Собаку хотелось завести очень, и сын обещал ему до женитьбы. Но вот она, невестка, не любила собак. И было обидно, что она, не любя собак, лишала его возможной радости. И так во всем, думал старик. Все, что люблю я, что дорого и близко мне, нерадостно, скучно ей.
Так как же ему быть? Со всем смириться? Так вот и жить бессмысленно, как трава? Вон ее сколько. Бессмысленно зеленеет, потом умрет. Что есть, что нет. Но он человек, и люди его всегда любили.
Около скамейки остановился ребенок, стоял и смотрел на старика.
– Ты почему один? – спросил старик. Мальчик молчал, и что-то в его улыбке насторожило, заставило старика вздрогнуть неясным предчувствием беды.
– Ты что, не слышишь? – спросил старик. Но мальчик, на вид лет трех, в вязаной красной шапочке, молчал.
Подошла женщина, немолодая, с лицом, измученным застарелой уже болью.
– Он что, немой? – сказал старик.
Женщина кивнула старику и хотела увести ребенка. Но он не уходил, уцепился за край скамейки, тянулся ручками к старику. Тогда женщина села со стариком рядом.
– Хорошенький такой, – сказал старик, обрадовавшись возможности поговорить. – Больной, – сказала женщина. – Жалко, лучше бы не рожали.
– Не лучше, – сказал вдруг старик. – Вы бабушка?
– Мать, – сказала женщина.
– Он же живет, – сказал старик.
– Живет, – согласилась женщина. – Его будут учить говорить по губам. Теперь такой есть метод. А все-таки тяжело.
– А у меня, – сказал старик, – такая невестка злая. Очень с ней тяжело. Все-таки разучились сейчас стариков уважать.
Женщина посмотрела, как бы не понимая. Было видно, что разговор ей неинтересен и думает она о своем – быть может, о мальчике, который стоял рядом и трогал ее ручонками за край платья.
– У всех свое, – сказала вдруг женщина и, подхватив малыша, быстро пошла от старика.
И эта спешит, подумалось старику, спешат все. А мальчик хорошенький. Его вылечат. Теперь медицина шагнула.
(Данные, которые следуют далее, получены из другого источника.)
Lemma dotp_sumr (u : 'rV[R]_d) (lam : 'I_n -> R) :
  dotp u (\sum_(i < n) lam i *: point i) = \sum_(i < n) lam i * dotp u (point i).
Proof.
rewrite /dotp; under eq_bigr do rewrite summxE mulr_sumr.
rewrite exchange_big; apply: eq_bigr => i _; rewrite mulr_sumr.
by apply: eq_bigr => k _; rewrite !mxE; ring.
Qed.

Lemma dotpN (u x : 'rV[R]_d) : dotp u (- x) = - dotp u x.
Proof. by rewrite /dotp -sumrN; apply: eq_bigr => k _; rewrite mxE mulrN. Qed.

Lemma dotp0 (u : 'rV[R]_d) : dotp u 0 = 0.
Proof. by rewrite /dotp big1 // => k _; rewrite mxE mulr0. Qed.

(* Pairing the hull equation with the coefficient vector of g. *)
Lemma in_conv_hull0_moments (T : {set 'I_n}) : in_conv_hull point T 0 ->
  exists lam : 'I_n -> R, [/\ forall i, 0 <= lam i, \sum_(i in T) lam i = 1 &
    forall g : {poly R}, (size g <= d)%N ->
      \sum_(i in T) lam i * (weight i * g.[param i]) = 0].
Proof.
move=> [lam [lam_ge0 lamT lam_sum1 lam_point]]; exists lam; split => //.
  by rewrite -lam_sum1 [RHS](bigID (mem T)) /= [X in _ + X]big1 ?addr0 // => i /lamT.
move=> g sg; have := dotp_sumr (\row_(k < d) g`_k) lam.
rewrite lam_point dotp0 (bigID (mem T)) /= [X in _ + X]big1 ?addr0 => [E|i /lamT->]; last first.
  by rewrite mul0r.
by rewrite [RHS]E; apply: eq_bigr => i _; rewrite dotp_point.
Qed.

Definition idx0 : 'I_n := Ordinal (leq_ltn_trans (leq0n _) pairs_lt_n).
Definition idx (v : nat) : 'I_n := insubd idx0 v.

Lemma val_idx v : (v < n)%N -> val (idx v) = v.
Proof. by move=> vn; rewrite /idx val_insubd vn. Qed.

Lemma point_idx0 : point idx0 = 0.
Proof. by rewrite /point /weight /weight_int /= scale0r. Qed.

Lemma point_pair_opp j : (0 < j <= m)%N -> point (idx (2 * j)) = - point (idx (2 * j).-1).
Proof.
move=> hj; rewrite /point !val_idx; try lia.
have -> : param (2 * j) = param (2 * j).-1.
  by rewrite /param; do 2 (case: ifP => ?); congr (_%:R); lia.
rewrite -scaleNr /weight -mulrNz; congr (_ *~ _ *: _).
rewrite /weight_int; repeat (case: ifP; intro); lia.
Qed.

(* Each closed halfspace through the origin contains the origin and one point
   of every antipodal pair. *)
Lemma card_halfspace0_ge (u : 'rV[R]_d) (c : R) : c <= dotp u 0 ->
  (m.+1 <= #|[set i | in_halfspace u c (point i)]|)%N.
Proof.
rewrite dotp0 => c_le0.
pose f (j : 'I_m.+1) : 'I_n := if j == 0%N :> nat then idx0 else
  if c <= dotp u (point (idx (2 * j).-1)) then idx (2 * j).-1 else idx (2 * j).
have f_half j : ((f j).+1 %/ 2)%N = j.
  have := ltn_ord j; rewrite /f; case: ifP => [/eqP -> //|/eqP j0].
  by case: ifP => _ ?; rewrite val_idx; lia.
have f_inj : injective f by move=> i j fij; apply: val_inj; rewrite /= -f_half fij f_half.
rewrite -[m.+1]card_ord -(card_imset _ f_inj); apply: subset_leq_card.
apply/subsetP => _ /imsetP[j _ ->]; rewrite inE /in_halfspace /f.
case: ifP => [_|j0]; first by rewrite point_idx0 dotp0.
case: ifP => // /negbT; rewrite -ltNge point_pair_opp ?dotpN; first lra.
by have := ltn_ord j; lia.
Qed.

Definition pair_idx (q : 'I_m) (s : bool) : 'I_n :=
  idx (if s then (2 * q).+1 else (2 * q).+2).

Lemma val_pair_idx q s : val (pair_idx q s) = if s then (2 * q).+1 else (2 * q).+2.
Proof. by have qm := ltn_ord q; rewrite /pair_idx val_idx //; case: s; lia. Qed.

Lemma param_pair_idx q s : param (pair_idx q s) = q.+1%:R.
Proof.
have := ltn_ord q; rewrite /param val_pair_idx.
by case: s; case: ifP => ? ?; congr (_%:R); lia.
Qed.

Lemma sg_weight_pair_idx q s : Num.sg (weight (pair_idx q s)) = if s then 1 else -1.
Proof.
rewrite /weight; have -> : weight_int (pair_idx q s) = if s then q.+1%:Z else - q.+1%:Z.
  by have := ltn_ord q; rewrite /weight_int val_pair_idx; case: s;
    repeat (case: ifP; intro); lia.
by case: s; rewrite ?mulrNz ?sgrN gtr0_sg // ltr0z.
Qed.

Lemma pair_idx_inj q q' s s' : pair_idx q s = pair_idx q' s' -> q = q' /\ s = s'.
Proof.
move/(congr1 val); rewrite !val_pair_idx => h; split.
  by apply: val_inj => /=; move: h; case: s; case: s'; lia.
by move: h; case: s; case: s'; lia.
Qed.

Lemma pair_idxP (x : 'I_n) : (0 < x <= 2 * m)%N -> exists q s, x = pair_idx q s.
Proof.
move=> hx; have qm : (x.-1 %/ 2 < m)%N by lia.
by exists (Ordinal qm), (odd x); apply: val_inj; rewrite val_pair_idx /=; case: ifP; lia.
Qed.

Definition ntop := (n - (2 * m).+1)%N.
Definition top_idx (e : 'I_ntop) : 'I_n := idx ((2 * m).+1 + e).

Lemma top_idxP (x : 'I_n) : (2 * m < x)%N -> exists e, x = top_idx e.
Proof.
move=> hx; have xn := ltn_ord x; have ek : (x - (2 * m).+1 < ntop)%N by rewrite /ntop; lia.
by exists (Ordinal ek); apply: val_inj; rewrite /top_idx val_idx /=; lia.
Qed.

Lemma param_top (x : 'I_n) : (2 * m < x)%N -> param x = m.+1%:R.
Proof. by rewrite /param; case: ifP => //; lia. Qed.

Lemma weight_top_gt0 (x : 'I_n) : (2 * m < x)%N -> 0 < weight x.
Proof. by move=> h; rewrite /weight ltr0z /weight_int; repeat (case: ifP; intro); lia. Qed.

Lemma weight_neq0 (x : 'I_n) : x != idx0 -> weight x != 0.
Proof.
move=> x0; rewrite /weight intr_eq0; apply/eqP.
have : nat_of_ord x <> 0%N by move=> h; move/eqP: x0; apply; apply: val_inj.
by rewrite /weight_int; repeat (case: ifP; intro); lia.
Qed.

(* A set of pair points containing at most one point of each pair is recorded
   by its set of pair labels and a choice of sign for each label. *)
Definition pair_labels (U : {set 'I_n}) : {set 'I_m} :=
  [set q | (pair_idx q true \in U) || (pair_idx q false \in U)].
Definition pair_pick (U : {set 'I_n}) (q : 'I_m) : 'I_n :=
  if pair_idx q true \in U then pair_idx q true else pair_idx q false.
Definition sg_gap (Q : {set 'I_m}) (q : 'I_m) : R :=
  Num.sg (\prod_(p in Q :\ q) (q%:R - p%:R)).
Definition signed_pairs (Q : {set 'I_m}) (b : bool) : {set 'I_n} :=
  [set pair_idx q ((-1) ^+ b * sg_gap Q q == 1) | q in Q].

Lemma sg_gap_pm1 Q q : sg_gap Q q = 1 \/ sg_gap Q q = -1.
Proof.
apply: sgr_pm1; apply/prodf_neq0 => p /setD1P[pq _].
by rewrite subr_eq0 eqr_nat; apply: contra pq => /eqP/val_inj->.
Qed.

Section PairSet.
Variable U : {set 'I_n}.
Hypothesis U_pairs : {in U, forall y, exists q s, y = pair_idx q s}.
Hypothesis U_no_pair : forall q, ~~ ((pair_idx q true \in U) && (pair_idx q false \in U)).

Lemma pair_labelsP x q s : x \in U -> x = pair_idx q s -> q \in pair_labels U.
Proof. by move=> /[swap]->; rewrite inE; case: s => ->; rewrite ?orbT. Qed.

Lemma pair_pick_inj : injective (pair_pick U).
Proof. by move=> q q'; rewrite /pair_pick; do 2 case: ifP => _; case/pair_idx_inj. Qed.

Lemma pair_pick_id x q s : x \in U -> x = pair_idx q s -> pair_pick U q = x.
Proof.
move=> xU xq; subst x; move: xU (U_no_pair q); rewrite /pair_pick; case: s => -> //.
by rewrite andbT => /negbTE->.
Qed.

Lemma pair_pick_labels : U = pair_pick U @: pair_labels U.
Proof.
apply/setP => x; apply/idP/imsetP => [xU|[q qU ->]].
  have [q [s xq]] := U_pairs xU.
  by exists q; [exact: pair_labelsP xU xq | rewrite (pair_pick_id xU xq)].
by move: qU; rewrite inE /pair_pick; case: ifP => // _ /orP[]->.
Qed.

Lemma card_pair_labels : #|pair_labels U| = #|U|.
Proof. by rewrite {2}pair_pick_labels card_imset //; exact: pair_pick_inj. Qed.

Lemma prod_param_gaps x q s : x \in U -> x = pair_idx q s ->
  \prod_(c in U :\ x) (param x - param c) = \prod_(p in pair_labels U :\ q) (q%:R - p%:R).
Proof.
move=> xU xq; have qU := pair_labelsP xU xq.
have inj_in A : {in A &, injective (pair_pick U)} by move=> ? ? _ _; exact: pair_pick_inj.
rewrite {1}pair_pick_labels -(pair_pick_id xU xq) -imsetD1_in // big_imset //=.
apply: eq_bigr => p _; rewrite /pair_pick.
by do 2 case: ifP => _; rewrite !param_pair_idx -!natr1; ring.
Qed.

Lemma pair_set_signs (f : 'I_m -> bool) :
  (forall x q s, x \in U -> x = pair_idx q s -> s = f q) ->
  U = [set pair_idx q (f q) | q in pair_labels U].
Proof.
move=> Uf; apply/setP => x; apply/idP/imsetP => [xU|[q qU ->]].
  have [q [s xq]] := U_pairs xU.
  by exists q; [exact: pair_labelsP xU xq | rewrite xq (Uf _ _ _ xU xq)].
have : pair_pick U q \in U by rewrite {2}pair_pick_labels imset_f.
by rewrite /pair_pick; case: ifP => _ pU; rewrite -(Uf _ _ _ pU erefl).
Qed.
End PairSet.
(* Let $b\ge0$ be an integer and let $t$ be a join node of a rooted nice tree decomposition of the Tanner graph $G$ with children $t_1,t_2$ ($B_t=B_{t_1}=B_{t_2}$). For $I\subseteq B_t^c$, $Q\subseteq B_t^v$, $d\in\{0,\dots,b\}$ let $$F_t(I,Q,d)=\min\{f_{t_1}(I_1,Q,d_1)+f_{t_2}(I_2,Q,d_2)-|Q|\},\qquad G_t(I,Q,d)=\sum g_{t_1}(I_1,Q,d_1)\,g_{t_2}(I_2,Q,d_2),$$ the minimum taken over all $(I_1,I_2,d_1,d_2)$ with $I_1,I_2\subseteq B_t^c$, $d_1,d_2\ge0$ integers, $I=I_1\oplus I_2\oplus\Gamma_o(G_t[Q\cup B_t^c])$ and $d=d_1+d_2$, and the sum over those tuples attaining the minimum. Then: if $Q\ne\emptyset$, $f_t(I,Q,d)=F_t(I,Q,d)$ and $g_t(I,Q,d)=G_t(I,Q,d)$; if $Q=\emptyset$, $f_t(I,Q,d)=\min\{F_t(I,Q,d),f_{t_1}(I,Q,d),f_{t_2}(I,Q,d)\}$ and $$g_t(I,Q,d)=\mathbb 1_{f_t=F_t}G_t(I,Q,d)+\mathbb 1_{f_t=f_{t_1}}g_{t_1}(I,Q,d)+\mathbb 1_{f_t=f_{t_2}}g_{t_2}(I,Q,d),$$ all functions evaluated at $(I,Q,d)$, where $\mathbb 1_{x=y}$ is $1$ if $x=y$ and $0$ otherwise (whenever the minimum is finite).
   Context: $G=(\mathcal L\cup\mathcal R,E)$ is a Tanner graph (bipartite, variable nodes $\mathcal L$, check nodes $\mathcal R$). For a subgraph $H$ of $G$ and $S\subseteq\mathcal L$ in $H$, $H[S]$ is the subgraph of $H$ induced by $S$ together with its neighbours in $H$; for $L\subseteq\mathcal L$, $R\subseteq\mathcal R$, $H[L\cup R]$ is the subgraph of $H$ induced on the vertex set $L\cup R$. $\Gamma_o(\cdot)$ is the set of odd-degree check nodes in the indicated subgraph; $\oplus$ is symmetric difference. A trapping set is a nonempty subset of $\mathcal L$. A rooted nice tree decomposition $(T,(B_t))$ is a rooted tree decomposition (every vertex and edge lies in some bag; bags containing a given vertex form a connected subtree) where every node has at most two children, root and leaves have empty bags, a node with two children (join node) has the same bag as each child, and a node $t$ with one child $t'$ has $B_t=B_{t'}\cup\{v\}$ or $B_t=B_{t'}\setminus\{v\}$. For a node $t$: $B_t^c=B_t\cap\mathcal R$, $B_t^v=B_t\cap\mathcal L$; $G_t$ is the subgraph of $G$ induced on the union of the bags of all descendants of $t$ (including $t$); $\mathcal L(G_t)$ is its set of variable nodes. For $I\subseteq B_t^c$, $Q\subseteq B_t^v$ and an integer $d\ge0$, a trapping set $S$ has parameters $(I,Q,d)$ in $G_t$ if $S\subseteq\mathcal L(G_t)$, $S\cap B_t^v=Q$, $\Gamma_o(G_t[S])\cap B_t^c=I$ and $|\Gamma_o(G_t[S])\setminus I|=d$. $f_t(I,Q,d)$ is the minimum size of a trapping set with parameters $(I,Q,d)$ in $G_t$ ($+\infty$ if none), and $g_t(I,Q,d)$ is the number of such trapping sets of size $f_t(I,Q,d)$ ($0$ if none). *)

From mathcomp Require Import all_boot.
Set Implicit Arguments. Unset Strict Implicit. Unset Printing Implicit Defensive.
Можно было догнать мать с сыном и сказать все это – сказать слова утешения. Но полно, нужны ли женщине эти слова? Нужно ль его утешение?
Старик решил, что родственники малыша во всем разберутся сами. Вот в чем весь фокус, решил старик. Все стали самостоятельные. И никому не нужно чужое мнение. Привыкли жить сами, своим умом. Вот и невестка. Все по-своему. Советы его не нужны, и опыт жизни его не нужен.
Но правильно ли, что все это так? Быть может, это была какая-то общая, не одной его старой жизни неладность? Может быть, это была всех беда, не его одного? И от мысли, что, может быть, есть какая-то общая неполадка во всем мире, которую он, один, конечно, не в состоянии ни разгадать, ни исправить, стало легче. Причем же тогда старик, когда все неладно у всех людей? Невестка, она как все, вдруг понял старик. Она не хуже и не лучше, чем все.
И я ведь такой, как все, вдруг подумал он. Так, значит, и у меня все идет, как у всех, и совсем не хуже.
Потом зазвонили колокола. Это маленькая, единственная уцелевшая в их районе церквушка подавала звон. Немелодично звонили колокола, трезвонили вразнобой глухим, ухающим каким-то ударом. Совсем не так, как надо, звонят, подумал старик. Наверное, звонарь плохой, а может, колокола не те. Старик любил колокольный звон и рассердился на звонарей. Наверное, напились и трезвонят, подумал вдруг он. Праздника же нет сейчас. Пасха была. Троица далеко. Без праздника и звонят.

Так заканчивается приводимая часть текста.